But it's just like zucchini and people cook that up and freeze it all the time don't they?


----------



## transformed (Jan 26, 2007)

i dont know...I am so unhelpful.







LOL. I should leave it to the people who actually eat squash.


----------



## tayndrewsmama (May 25, 2004)

Well it's not like I knew the answer either.







At least you attempted to answer.


----------



## transformed (Jan 26, 2007)

Quote:


Originally Posted by *tayndrewsmama* 
Well it's not like I knew the answer either.







At least you attempted to answer.









:


----------



## artemis33 (Jan 5, 2006)

I'm only going to be mildly helpful







:

Yellow squash is very similar to zucchini, and the only thing I've done successfully for freezing is to freeze it shredded and use it in bread/muffins. The texture changes a lot - I can't imagine using it as a side dish or something.

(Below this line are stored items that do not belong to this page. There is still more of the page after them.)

Theorem theorem3p17 (X : Type) (HX : finite_type X) (P : state_property X) :
  (exists phi : form X, forall (W : Type) (M : model X W) (s : state W),
      P W M s <-> extension phi W M s)
  <->
  (union_closed P /\ exists k : nat, invariant_under_bisim k P).
Proof.
  split.
  - intros [phi Hphi]. rewrite (state_property_ext P (extension phi) Hphi).
    split; [apply extension_union_closed |].
    exists (modal_depth phi); apply extension_bisim_invariant.
  - intros [HU [k HI]]. exact (expressive_completeness P k HX HU HI).
Qed.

I did get a tip from my CSA owner that if you salt and drain the zucc after shredding it will shed some water and have a better texture when thawed.....so maybe that method could translate to other palatable forms of frozen squash?

Not a lot of help, sorry but I am curious too - I have more than I can use fresh right now.


----------



## Lilcrunchie (Jun 16, 2004)

I haven't tried freezing these, so don't be angry with me if they won't work out. I low carb for PCOS and the recipes on this site are generally pretty reliable for me. She notes what items can be frozen...but again, I haven't BTDT personally.

http://www.genaw.com/lowcarb/creamy_...casserole.html
http://www.genaw.com/lowcarb/squash_casserole.html
http://www.genaw.com/lowcarb/zucchin...jack_bake.html


----------



## Llyra (Jan 16, 2005)

I freeze summer squash all the time with no trouble. The texture does change somewhat, but not enough that it's nasty or anything. I just dice it up, steam blanch it, then toss it on ice to cool it fast. Then dry it off and lay it out on a pan covered with waxed paper, and stick it in the freezer. Once it's frozen, take it off the waxed paper and put it in freezer containers or bags. Then when you want to eat it, cook it while it's still frozen, rather than defrosting. You can cut slices, or cubes, or whatever you like to cook with. I like to make cubes that I can toss in a stir fry or a bean dish in small amounts.

Winter squash (acorn squash, spaghetti squash, etc.) doesn't freeze so well.

BTW, about the strawberries as mentioned, you can keep strawberries from too much texture change in the freezer by sprinkling them with just a bit of sugar before freezing, and eating them while they're still slightly icy.


----------



## tayndrewsmama (May 25, 2004)

Thanks so much ladies! I have well over 40 pounds of yellow squash and zucchini in the kitchen right now and more to come.







I need to get cracking on it all.


----------



## hippiechickinsing (Jan 13, 2007)

My mom makes a yellow squash casserole which freezes very well. Boil the squash till soft, drain and mash with a fork. Meanwhile, make a savory custard base, about 2 cups of milk whisked into two eggs, with salt and pepper. Mix the squash into the custard, pour into a casserole dish and top with a few pats of butter. She sprinkle cracker crumbs on top, but I don't think you'd miss them. Shredded cheese on top would work, too.

This freezes well, probably because the squash is already cooked and mashed. Take out of the freezer in time for it to thaw and bake for about 45 minutes.


----------